Very recently, Ford filed for a patent with the USPTO (US Patent and Trademark Office) for their brain-machine interface, which can anticipate and keep track of steering, acceleration, and applying brakes that allows the system to be later fed into the car’s driver-assist systems. It would substitute the usual manual driving experience since the brainwave activity will be captured to predict the driver’s next move. It is with the aid of a sensor-laden cap that the driver is required to wear for being able to read and monitor brain activity.

Even Microsoft has applied for a patent that is an interface enabling your brain to actually ‘think’ and function on a computer by not tapping any keys or clicking any buttons on the device.

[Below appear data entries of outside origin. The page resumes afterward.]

Lemma borel_cantelli_expr_divn (d : measure_display) (T : measurableType d)
  (R : realType) (P : probability T R) (A : nat -> set T) (b : R) (n : nat) :
  (0 < n)%N -> 0 <= b < 1 -> (forall N, measurable (A N)) ->
  (forall N, (P (A N) <= (b ^+ (N %/ n))%:E)%E) ->
  {ae P, forall t, \forall N \near \oo, ~ A N t}.
Proof.
move=> n_gt0 b01 A_meas PA_le; have /andP[b_ge0 _] := b01.
have limsup_meas : measurable (lim_sup_set A).
  by apply: bigcap_measurableType => k _; apply: bigcup_measurable.
have limsup0 : P (lim_sup_set A) = 0.
  apply: lim_sup_set_cvg0 => //.
  apply: (@le_lt_trans _ _ (\sum_(0 <= N <oo) (b ^+ (N %/ n))%:E)%E).
    by apply: lee_nneseries => // N _; apply: PA_le.
  apply: (@le_lt_trans _ _ (n%:R * (1 - b)^-1)%:E); last exact: ltry.
  apply: lime_le.
    by apply: is_cvg_nneseries => N _ _; rewrite lee_fin exprn_ge0.
  by apply: nearW => K; rewrite sumEFin lee_fin sum_expr_divn_le.
exists (lim_sup_set A); split => // t /= not_ev m _.
apply: contrapT => not_Am; apply: not_ev.
by exists m => // N /= mN AN; apply: not_Am; exists N.
Qed.

Section independent_bool_sequence.
Variables (R : realType) (dsp : measure_display) (T : measurableType dsp).
Variables (P : probability T R) (X : nat -> T -> bool) (p : nat -> bool -> R).
Hypothesis X_meas : forall k, measurable_fun setT (X k).
Hypothesis X_indep : mutually_independent P (fun k => X k.+1).
Hypothesis X_law : forall k b, P [set t | X k.+1 t = b] = (p k b)%:E.

Definition prefix N t : {ffun 'I_N -> bool} := [ffun i : 'I_N => X i.+1 t].

(* Writes [prefix N t = f] as an intersection of preimages, the form to which
   [mutually_independent] applies. *)
Definition prefix_constraint N (f : {ffun 'I_N -> bool}) k : set bool :=
  if insub k is Some i then [set f i] else setT.

Lemma law_ge0 k b : 0 <= p k b.
Proof. by rewrite -lee_fin -X_law measure_ge0. Qed.

Lemma measurable_X_preimage k (B : set bool) : measurable (X k @^-1` B).
Proof. by rewrite -[_ @^-1` _]setTI; apply: X_meas. Qed.

Lemma prefix_eqE N f : [set t | prefix N t = f] =
  \bigcap_(k in [set k | k \in iota 0 N]) (X k.+1 @^-1` prefix_constraint f k).
Proof.
apply/seteqP; split => t /=.
  move=> <- k /=; rewrite mem_iota add0n => kN.
  by rewrite /prefix_constraint insubT /= ffunE.
move=> in_constraints; apply/ffunP => i; rewrite ffunE.
have := in_constraints (val i); rewrite /prefix_constraint valK.
by apply; rewrite /= mem_iota add0n ltn_ord.
Qed.

Lemma measurable_prefix_eq N f : measurable [set t | prefix N t = f].
Proof.
rewrite prefix_eqE; apply: bigcap_measurableType => k _.
exact: measurable_X_preimage.
Qed.

Lemma prob_prefix_eq N f :
  P [set t | prefix N t = f] = (\prod_(i < N) p i (f i))%:E.
Proof.
rewrite prefix_eqE X_indep ?iota_uniq // -prodEFin.
rewrite -[N in iota 0 N]subn0 -/(index_iota 0 N) big_mkord.
by apply: eq_bigr => i _; rewrite /prefix_constraint valK X_law.
Qed.

Lemma prefix_predE N (Q : {pred {ffun 'I_N -> bool}}) :
  [set t | prefix N t \in Q] = \bigcup_(f in [set` Q]) [set t | prefix N t = f].
Proof.
apply/seteqP; split => t /=; first by move=> Qt; exists (prefix N t).
by move=> [f /= Qf ->].
Qed.

Lemma measurable_prefix_pred N (Q : {pred {ffun 'I_N -> bool}}) :
  measurable [set t | prefix N t \in Q].
Proof.
rewrite prefix_predE; apply: fin_bigcup_measurable; first exact: finite_finset.
by move=> f _; apply: measurable_prefix_eq.
Qed.

Lemma prob_prefix_pred N (Q : {pred {ffun 'I_N -> bool}}) :
  P [set t | prefix N t \in Q] = (\sum_(f in Q) \prod_(i < N) p i (f i))%:E.
Proof.
rewrite prefix_predE measure_fin_bigcup; first last.
- by move=> f _; apply: measurable_prefix_eq.
- by move=> f g _ _ [t [<- <-]].
- exact: finite_finset.
rewrite -(bigfs _ (enum_uniq (pred_of_simpl predT))); last first.
  by move=> f _; rewrite mem_enum.
rewrite big_enum_cond /= -sumEFin; apply: eq_bigr => f _.
exact: prob_prefix_eq.
Qed.

Lemma prod_ge_prefixE N (u : nat -> bool -> R) a :
  [set t | a <= \prod_(i < N) u i (X i.+1 t)] =
  [set t | prefix N t \in [pred f : {ffun 'I_N -> bool} | a <= \prod_(i < N) u i (f i)]].
Proof.
have prefixE t : \prod_(i < N) u i (prefix N t i) = \prod_(i < N) u i (X i.+1 t).
  by apply: eq_bigr => i _; rewrite ffunE.
by apply/seteqP; split => t /=; rewrite inE prefixE.
Qed.

Lemma measurable_prod_ge N (u : nat -> bool -> R) a :
  measurable [set t | a <= \prod_(i < N) u i (X i.+1 t)].
Proof. by rewrite prod_ge_prefixE; apply: measurable_prefix_pred. Qed.

(* Markov's inequality; by independence the mean of the product is the product
   of the means, computed here by summing over all boolean prefixes [f]. *)
Lemma markov_indep_prod N (u : nat -> bool -> R) a :
  0 < a -> (forall k b, 0 <= u k b) ->
  (P [set t | (a <= \prod_(i < N) u i (X i.+1 t))%R] <=
   (a^-1 * \prod_(i < N) \sum_b p i b * u i b)%:E)%E.
Proof.
move=> a_gt0 u_ge0; rewrite prod_ge_prefixE prob_prefix_pred //.
set Q := [pred f | _]; rewrite lee_fin bigA_distr_bigA /= mulr_sumr.
rewrite [leRHS](bigID (fun f => f \in Q)) /=.
apply: ler_wpDr.
  apply: sumr_ge0 => f _; apply: mulr_ge0; first by rewrite invr_ge0 ltW.
  by apply: prodr_ge0 => i _; rewrite mulr_ge0 ?law_ge0 ?u_ge0.
apply: ler_sum => f; rewrite inE => a_le.
rewrite big_split /= mulrA mulrAC -[leLHS]mul1r.
apply: ler_wpM2r; first by apply: prodr_ge0 => i _; apply: law_ge0.
by rewrite mulrC ler_pdivlMr // mul1r.
Qed.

Concluding Remarks Featuring the Underlying Issue

The most crucial forms of protection for such technology include copyright and patent as they support the foundation of innovations, i.e., their creative elements. For protecting the same, it is necessary to decide on the true and first inventor. The issue gets conveniently resolved when we talk about the basic invention enabling the brain and computer interaction. The issue here lies when as a result of such an interaction, which may or may not involve human intervention, it becomes arduous to categorize the inventor as many jurisdictions dotted on the map do not recognize a non-human entity to be an inventor. Therefore, a strict standard of burden of proof must be adhered to, tilting the balance towards the individual to ascertain whether the contribution is substantial and man-driven. Hence, the blank space in law not addressing the elephant in the room being AI as a creator has resulted in an attitude favoring corporate ownership of such creative works.

Therefore, what is essential is that the Patent Law must foster provisions and provide robust protection for safeguarding works utilizing AI in brain interfacing to safeguard them since the development of science and technology, specifically AI garnered creative inventions, are an inevitable part of the future. It is important since, in today’s time, many inventions are a result of AI. They are now being made while ensuring that they have self-learning and adaptive capabilities, individual and autonomous thinking patterns, etc., like any human being.